Emits agent_end with the final message list.

Each turn:

emit(turn_start)
emit(message_start)
stream LLM → collect text/thinking/tool_call events
emit(message_end)

match stop_reason:
  Error | Abort  → emit agent_error, turn_end, break
  ToolCalls      → execute tools → append steering if any → next turn
  Stop           → drain follow-up queue → if none: emit turn_end, break

After each turn, should_stop_after_turn is checked. If the callback returns True, the loop exits before the next provider call.

LLM streaming

Each turn calls self.llm.stream(LLMContext(...)) and processes the async event stream:

LLM event	Engine action
`TextDeltaEvent`	Emit `message_update` with partial text
`ThinkingDeltaEvent`	Emit `message_update` with partial thinking
`TextEndEvent`	Append completed text to message
`ThinkingEndEvent`	Append completed thinking to message
`ToolCallEndEvent`	Collect tool call, append to message contents
`ErrorEvent`	Set `message.stop_reason` and `message.error`
`EndEvent`	Set stop reason and token usage on message

The AssistantMessage is built incrementally. message_end is emitted once after the stream closes with the final assembled message.

Tool execution

After a ToolCalls stop reason, Engine resolves tool calls through _execute_tool_calls(). Three modes:

Mode	Behaviour
`Sequential`	One tool at a time, in assistant source order
`Parallel`	All tools launched concurrently via `asyncio.gather`
`Batch`	Per-tool mode: tools with `execution_mode=Parallel` run concurrently; all others run sequentially

The global mode (options.tool_execution_mode) defaults to Batch. Individual tools may override via tool.execution_mode.

For each tool call:

Resolve the tool by name. If not found, return ToolResultContent(is_error=True).
Run options.before_tool_call(invocation, signal). If a blocked result is returned, skip execution.
Emit tool_execution_start.
Call tool.execute(tool_call_id, params, signal, on_update).
Emit tool_execution_update for each on_update call (streaming tool progress).
Emit tool_execution_end with the final result.
Run options.after_tool_call(invocation, result, signal) to let callers patch the result.

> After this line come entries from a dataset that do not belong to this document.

Lemma coprime_progression j : coprime (mm + j * q.-1) q.-1.
Proof. by rewrite coprime_sym /coprime addnC gcdnMDl gcdnC. Qed.

Lemma odd_progression j : odd q -> odd (mm + j * q.-1).
Proof.
case: q mm_coprime => [|p] //= cop odd_p.
have odd_mm : odd mm.
  apply: contraLR cop => even_mm; rewrite /coprime.
  apply/negP => /eqP gcd1; have : 2 %| gcdn mm p by rewrite dvdn_gcd !dvdn2 even_mm odd_p.
  by rewrite gcd1.
by rewrite oddD oddM (negbTE odd_p) odd_mm andbF.
Qed.

Lemma coprime_progression_pow2 j s : 2 ^ s %| q.+1 -> coprime (mm + j * q.-1) (2 ^ s).
Proof.
case: s => [|s] pow2_q1; first by rewrite coprimen1.
have : 2 %| q.+1 by apply: dvdn_trans pow2_q1; rewrite dvdn_exp.
rewrite dvdn2 /= negbK => odd_q.
by rewrite coprime_pexpr // coprimen2 odd_progression.
Qed.

Lemma coprime_progression_mersenne s j :
  q.+1 = 2 ^ s -> coprime (mm + j * q.-1) (q.-1 * q.+1).
Proof.
by move=> q1E; rewrite coprimeMr coprime_progression q1E coprime_progression_pow2 ?q1E.
Qed.

Lemma exists_coprime_progression s r t : prime r -> odd r ->
  q.+1 = 2 ^ s * r ^ t -> exists2 j, j < 2 & coprime (mm + j * q.-1) (q.-1 * q.+1).
Proof.
move=> r_pr r_odd q1E.
have cop2 j : coprime (mm + j * q.-1) (2 ^ s) by rewrite coprime_progression_pow2 // q1E dvdn_mulr.
have copE j : coprime (mm + j * q.-1) (q.-1 * q.+1) = coprime (mm + j * q.-1) (r ^ t).
  by rewrite coprimeMr coprime_progression q1E coprimeMr cop2.
case: t copE q1E => [|t] copE q1E; first by exists 0 => //; rewrite copE coprimen1.
have r_q1 : r %| q.+1 by rewrite q1E dvdn_mull // dvdn_exp.
have r'q_1 : ~~ (r %| q.-1).
  apply: contraL r_odd => r_q_1.
  have q_gt0 : 0 < q.
    by rewrite lt0n; apply: contraTneq r_q1 => ->; rewrite dvdn1 neq_ltn prime_gt1 ?orbT.
  have : r %| q.+1 - q.-1 by rewrite dvdn_sub.
  have -> : q.+1 - q.-1 = 2 by lia.
  move/dvdn_leq => /(_ isT); have := prime_gt1 r_pr.
  by case: r {r_pr r_q1 r_q_1 cop2 copE q1E} => [|[|[|]]].
have cop_r j : ~~ (r %| mm + j * q.-1) -> coprime (mm + j * q.-1) (q.-1 * q.+1).
  by move=> r'x; rewrite copE coprime_pexpr // coprime_sym prime_coprime.
have [r_mm|r'mm] := boolP (r %| mm).
  by exists 1 => //; apply: cop_r; rewrite mul1n (dvdn_addr _ r_mm).
by exists 0 => //; apply: cop_r; rewrite addn0.
Qed.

Errors thrown by tool.execute() are caught and returned as ToolResultContent(is_error=True).

If every result in a batch has terminate=True, the loop exits after turn_end without making another LLM call.

Steering and follow-up queues

Two message queues hold mid-run injections:

Steering queue — drained after tool results are collected, before the next LLM call. The agent mid-flight pivot: inject a message while tools are running and the LLM will see it on the next turn.

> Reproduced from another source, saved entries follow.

Lemma f2_bounds q : quadrant q -> 0 <= f2 b1 b2 q <= 1 /\ f2 b1 b2 q <= b2 * snd q.
Proof.
  intros Hq; rewrite f2_eq by exact Hq; apply psi_mul_le.
  destruct Hq; unfold S; nra.
Qed.

Lemma h_quadrant q : quadrant q -> quadrant (hm q).
Proof.
  intros Hq; destruct (f1_bounds q Hq) as [Hf1 _]; destruct (f2_bounds q Hq) as [Hf2 _].
  pose proof (g_nonneg_le a1 _ Ha1 Hf1); pose proof (g_nonneg_le a2 _ Ha2 Hf2).
  split; simpl; lra.
Qed.

Lemma h1_le q : quadrant q -> fst (hm q) <= 8 * b1 * fst q.
Proof.
  intros Hq; destruct (f1_bounds q Hq) as [Hf1 Hf1'].
  pose proof (g_nonneg_le a1 _ Ha1 Hf1); simpl; lra.
Qed.

Lemma h_axis y : 0 <= y -> hm (0, y) = (0, g a2 (1 - exp (- (b2 * y)))).
Proof.
  intros Hy; assert (Hq : quadrant (0, y)) by (split; simpl; lra).
  unfold h; rewrite f1_eq, f2_eq by exact Hq; simpl.
  rewrite Rmult_0_r, Rmult_0_r, g_0.
  unfold S; simpl; rewrite Rmult_0_r, Rplus_0_l, psi_mul by nra; reflexivity.
Qed.

(* Since [1 - exp (- S) = psi S * (b1 q1 + b2 q2)], [f2 q] differs from [1 - exp (- S)] by
   [psi S * b1 q1 <= b1 q1]. *)
Lemma f2_near_axis q y : quadrant q -> 0 <= y ->
  Rabs (f2 b1 b2 q - (1 - exp (- (b2 * y)))) <= 2 * b1 * fst q + b2 * Rabs (snd q - y).
Proof.
  intros Hq Hy; pose proof (S_nonneg q Hq) as HS.
  assert (Hf2 : f2 b1 b2 q = (1 - exp (- S b1 b2 q)) - psi (S b1 b2 q) * (b1 * fst q)).
  { rewrite f2_eq, <- psi_mul by assumption; unfold S; ring. }
  destruct (psi_mul_le (b1 * fst q) (S b1 b2 q)) as [[Hp0 _] Hp1];
    [destruct Hq; unfold S; nra|].
  pose proof (exp_neg_lipschitz (S b1 b2 q) (b2 * y) HS ltac:(nra)) as Hlip.
  assert (HSy : Rabs (S b1 b2 q - b2 * y) <= b1 * fst q + b2 * Rabs (snd q - y)).
  { unfold S; replace (b1 * fst q + b2 * snd q - b2 * y) with (b1 * fst q + b2 * (snd q - y))
      by ring.
    eapply Rle_trans; [apply Rabs_triang|].
    rewrite !Rabs_mult, (Rabs_right b1), (Rabs_right b2), (Rabs_right (fst q))
      by (destruct Hq; lra).
    lra. }
  rewrite Hf2.
  replace (1 - exp (- S b1 b2 q) - psi (S b1 b2 q) * (b1 * fst q) - (1 - exp (- (b2 * y))))
    with ((exp (- (b2 * y)) - exp (- S b1 b2 q)) - psi (S b1 b2 q) * (b1 * fst q)) by ring.
  eapply Rle_trans; [apply Rabs_triang|].
  rewrite Rabs_Ropp, Rabs_minus_sym, (Rabs_right (psi _ * _)) by lra; lra.
Qed.

Lemma h_continuous_at_axis y eps : 0 <= y -> 0 < eps -> exists del, 0 < del /\
  forall q, quadrant q -> axis_close del y q -> axis_close eps (snd (hm (0, y))) (hm q).
Proof.
  intros Hy Heps; rewrite h_axis by exact Hy; simpl.
  set (z := 1 - exp (- (b2 * y))).
  assert (Hz : 0 <= z < 1) by (unfold z; pose proof (exp_neg_pos_le1 (b2 * y) ltac:(nra)); lra).
  destruct (g_continuous a2 z Ha2 Hz eps Heps) as [dg [Hdg Hg]].
  pose proof (Rmin_l (dg / (2 * b1 + b2)) (eps / (8 * b1))).
  pose proof (Rmin_r (dg / (2 * b1 + b2)) (eps / (8 * b1))).
  set (del := Rmin (dg / (2 * b1 + b2)) (eps / (8 * b1))) in *.
  assert (Hdel : 0 < del) by (apply Rmin_pos; apply Rdiv_lt_0_compat; lra).
  exists del; split; [exact Hdel|]; intros q Hq [Hq1 Hq2]; split.
  - pose proof (h1_le q Hq).
    assert (8 * b1 * fst q < 8 * b1 * (eps / (8 * b1))) by (apply Rmult_lt_compat_l; lra).
    replace (8 * b1 * (eps / (8 * b1))) with eps in * by (field; lra); lra.
  - apply Hg; [apply f2_bounds; exact Hq|].
    pose proof (f2_near_axis q y Hq Hy) as Hf2; fold z in Hf2.
    assert (Hsmall : (2 * b1 + b2) * del <= dg).
    { apply Rle_trans with ((2 * b1 + b2) * (dg / (2 * b1 + b2)));
        [apply Rmult_le_compat_l; lra|right; field; lra]. }
    assert (2 * b1 * fst q < 2 * b1 * del) by (apply Rmult_lt_compat_l; lra).
    assert (b2 * Rabs (snd q - y) < b2 * del) by (apply Rmult_lt_compat_l; lra).
    lra.
Qed.

Lemma h_iter_quadrant n q : quadrant q -> quadrant (hn n q).
Proof. intros Hq; induction n as [|n IH]; [exact Hq|apply h_quadrant, IH]. Qed.

Lemma h_iter_add n k q : hn (n + k) q = hn k (hn n q).
Proof.
  induction k as [|k IH]; [rewrite Nat.add_0_r; reflexivity|].
  rewrite Nat.add_succ_r; simpl; rewrite IH; reflexivity.
Qed.

Lemma h_iter_axis n x : 0 <= x ->
  hn n (0, x) = (0, snd (hn n (0, x))) /\ 0 <= snd (hn n (0, x)).
Proof.
  intros Hx; induction n as [|n [Hax Hpos]]; [simpl; auto|].
  change (hn (Datatypes.S n) (0, x)) with (hm (hn n (0, x))).
  rewrite Hax, h_axis by exact Hpos; simpl; split; [reflexivity|].
  destruct (h_quadrant (0, snd (hn n (0, x)))) as [_ H]; [split; simpl; lra|].
  rewrite h_axis in H by exact Hpos; exact H.
Qed.

Lemma h_iter_near_axis x n eps : 0 <= x -> 0 < eps -> exists del, 0 < del /\
  forall q, quadrant q -> axis_close del x q ->
  forall j, (j <= n)%nat -> axis_close eps (snd (hn j (0, x))) (hn j q).
Proof.
  intros Hx; revert eps; induction n as [|n IH]; intros eps Heps.
  { exists eps; split; [exact Heps|]; intros q _ Hq j Hj.
    replace j with 0%nat by lia; exact Hq. }
  destruct (h_iter_axis n x Hx) as [Hax Hpos].
  destruct (h_continuous_at_axis _ eps Hpos Heps) as [d1 [Hd1 Hstep]].
  destruct (IH (Rmin eps d1) ltac:(apply Rmin_pos; lra)) as [del [Hdel Hnear]].
  exists del; split; [exact Hdel|]; intros q Hq Hclose j Hj.
  destruct (proj1 (Nat.le_succ_r j n) Hj) as [Hjn | ->].
  - apply axis_close_weaken with (Rmin eps d1); [apply Rmin_l|auto].
  - simpl; rewrite Hax; apply Hstep; [apply h_iter_quadrant; exact Hq|].
    apply axis_close_weaken with (Rmin eps d1); [apply Rmin_r|auto].
Qed.

Lemma h1_ge q : quadrant q -> b1 * fst q <= 1 / 2 ->
  (1 - a1) * b1 * psi (b2 * snd q) * exp (- (b1 * fst q)) * (1 - b1 * fst q) ^ 3 * fst q
  <= fst (hm q).
Proof.
  intros Hq Hsmall; destruct (f1_bounds q Hq) as [Hf1 Hf1le].
  pose proof (g_bounds a1 _ Ha1 Hf1) as [Hg _].
  change (fst (hm q)) with (g a1 (f1 b1 b2 q)).
  destruct Hq as [Hq1 Hq2].
  pose proof (psi_pos_le1 (b2 * snd q) ltac:(nra)).
  pose proof (exp_neg_pos_le1 (b1 * fst q) ltac:(nra)).
  set (L := psi (b2 * snd q) * exp (- (b1 * fst q)) * (b1 * fst q)).
  assert (HL : 0 <= L <= f1 b1 b2 q).
  { split; [unfold L; apply Rmult_le_pos; nra|].
    rewrite f1_eq by (split; assumption); unfold L.
    apply Rmult_le_compat_r; [nra|].
    replace (S b1 b2 q) with (b2 * snd q + b1 * fst q) by (unfold S; ring).
    apply psi_shift; nra. }
  assert (H3 : (1 - b1 * fst q) ^ 3 <= (1 - f1 b1 b2 q) ^ 3) by (apply pow_incr; lra).
  assert (0 <= (1 - b1 * fst q) ^ 3) by (apply pow_le; lra).
  assert (L * (1 - b1 * fst q) ^ 3 <= f1 b1 b2 q * (1 - f1 b1 b2 q) ^ 3)
    by (apply Rmult_le_compat; lra).
  replace ((1 - a1) * b1 * psi (b2 * snd q) * exp (- (b1 * fst q)) * (1 - b1 * fst q) ^ 3 * fst q)
    with ((1 - a1) * (L * (1 - b1 * fst q) ^ 3)) by (unfold L; ring).
  apply Rle_trans with ((1 - a1) * (f1 b1 b2 q * (1 - f1 b1 b2 q) ^ 3));
    [apply Rmult_le_compat_l; lra|rewrite <- Rmult_assoc; exact Hg].
Qed.

Lemma one_minus_prod3_ge u v w : 0 <= u <= 1 -> 0 <= v <= 1 -> 0 <= w <= 1 ->
  1 - u - v - w <= (1 - u) * (1 - v) * (1 - w).
Proof. intros Hu Hv Hw; assert (0 <= u * v * (1 - w)) by (apply Rmult_le_pos; nra); nra. Qed.

Lemma h1_ge_near_axis q y d : quadrant q -> 0 <= y -> 0 <= d ->
  (b2 + 4 * b1) * d <= 1 / 2 -> fst q <= d -> Rabs (snd q - y) <= d ->
  (1 - a1) * b1 * psi (b2 * y) * (1 - (b2 + 4 * b1) * d) * fst q <= fst (hm q).
Proof.
  intros Hq Hy Hd Hsmall Hq1 Hq2.
  eapply Rle_trans; [|apply h1_ge; [exact Hq|destruct Hq; nra]].
  destruct Hq as [Hq1' Hq2'].
  assert (0 <= b1 * d) by (apply Rmult_le_pos; lra).
  assert (0 <= b2 * d) by (apply Rmult_le_pos; lra).
  assert (b1 * fst q <= b1 * d) by (apply Rmult_le_compat_l; lra).
  pose proof (psi_pos_le1 (b2 * y) ltac:(nra)) as HP; set (P := psi (b2 * y)) in *.
  assert (Hpsi : P * (1 - b2 * d) <= psi (b2 * snd q)).
  { apply Rle_trans with (P * exp (- Rabs (b2 * snd q - b2 * y)));
      [|apply psi_ge_exp_dist; nra].
    apply Rmult_le_compat_l; [lra|].
    eapply Rle_trans; [|apply exp_neg_ge].
    replace (b2 * snd q - b2 * y) with (b2 * (snd q - y)) by ring.
    rewrite Rabs_mult, (Rabs_right b2) by lra; nra. }
  assert (Hexp : 1 - b1 * d <= exp (- (b1 * fst q)))
    by (eapply Rle_trans; [|apply exp_neg_ge]; lra).
  assert (Hcube : 1 - 3 * (b1 * d) <= (1 - b1 * fst q) ^ 3).
  { apply Rle_trans with ((1 - b1 * d) ^ 3).
    - replace 3 with (INR 3) by (simpl; ring); apply pow_1_minus_ge; lra.
    - apply pow_incr; lra. }
  pose proof (one_minus_prod3_ge (b2 * d) (b1 * d) (3 * (b1 * d))
                ltac:(lra) ltac:(lra) ltac:(lra)).
  assert (Hfactors : P * (1 - (b2 + 4 * b1) * d) <=
          psi (b2 * snd q) * exp (- (b1 * fst q)) * (1 - b1 * fst q) ^ 3).
  { apply Rle_trans with (P * (1 - b2 * d) * (1 - b1 * d) * (1 - 3 * (b1 * d))).
    - replace (P * (1 - b2 * d) * (1 - b1 * d) * (1 - 3 * (b1 * d)))
        with (P * ((1 - b2 * d) * (1 - b1 * d) * (1 - 3 * (b1 * d)))) by ring.
      apply Rmult_le_compat_l; lra.
    - apply Rmult_le_compat; [| |apply Rmult_le_compat|]; try lra;
        repeat apply Rmult_le_pos; lra. }
  replace ((1 - a1) * b1 * P * (1 - (b2 + 4 * b1) * d) * fst q)
    with ((1 - a1) * b1 * fst q * (P * (1 - (b2 + 4 * b1) * d))) by ring.
  replace ((1 - a1) * b1 * psi (b2 * snd q) * exp (- (b1 * fst q)) * (1 - b1 * fst q) ^ 3 * fst q)
    with ((1 - a1) * b1 * fst q * (psi (b2 * snd q) * exp (- (b1 * fst q)) * (1 - b1 * fst q) ^ 3))
    by ring.
  apply Rmult_le_compat_l; [apply Rmult_le_pos; nra|exact Hfactors].
Qed.

Lemma prod_psi_pos_le1 x n : 0 <= x -> 0 < prod_psi a1 a2 b1 b2 x n <= 1.
Proof.
  intros Hx; induction n as [|n IH]; simpl; [lra|].
  destruct (h_iter_axis n x Hx) as [_ Hpos].
  pose proof (psi_pos_le1 (b2 * snd (hn n (0, x))) ltac:(nra)).
  split; [apply Rmult_lt_0_compat|]; nra.
Qed.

Follow-up queue — drained only when the LLM stops without tool calls. Use this to queue a follow-up prompt that runs immediately after the current work is done.

Queue modes control how many messages are dequeued per drain:

Mode	Behaviour
`OneAtATime`	Dequeue the single oldest message
`All`	Dequeue and inject all queued messages

Messages are injected by emitting message_start + message_end for each, then appending them to messages. This makes them visible to the LLM on the next turn.

External callers inject via:

engine.steer(message) — adds to steering queue
engine.follow_up(message) — adds to follow-up queue

The queues can be cleared via clear_steering(), clear_follow_up(), or clear_all_queues().

Abort

engine.abort() sets the abort signal (asyncio.Event). The loop checks the signal:

After assembling steering messages: if set, emit turn_end and break.
After each tool batch via signal.is_set().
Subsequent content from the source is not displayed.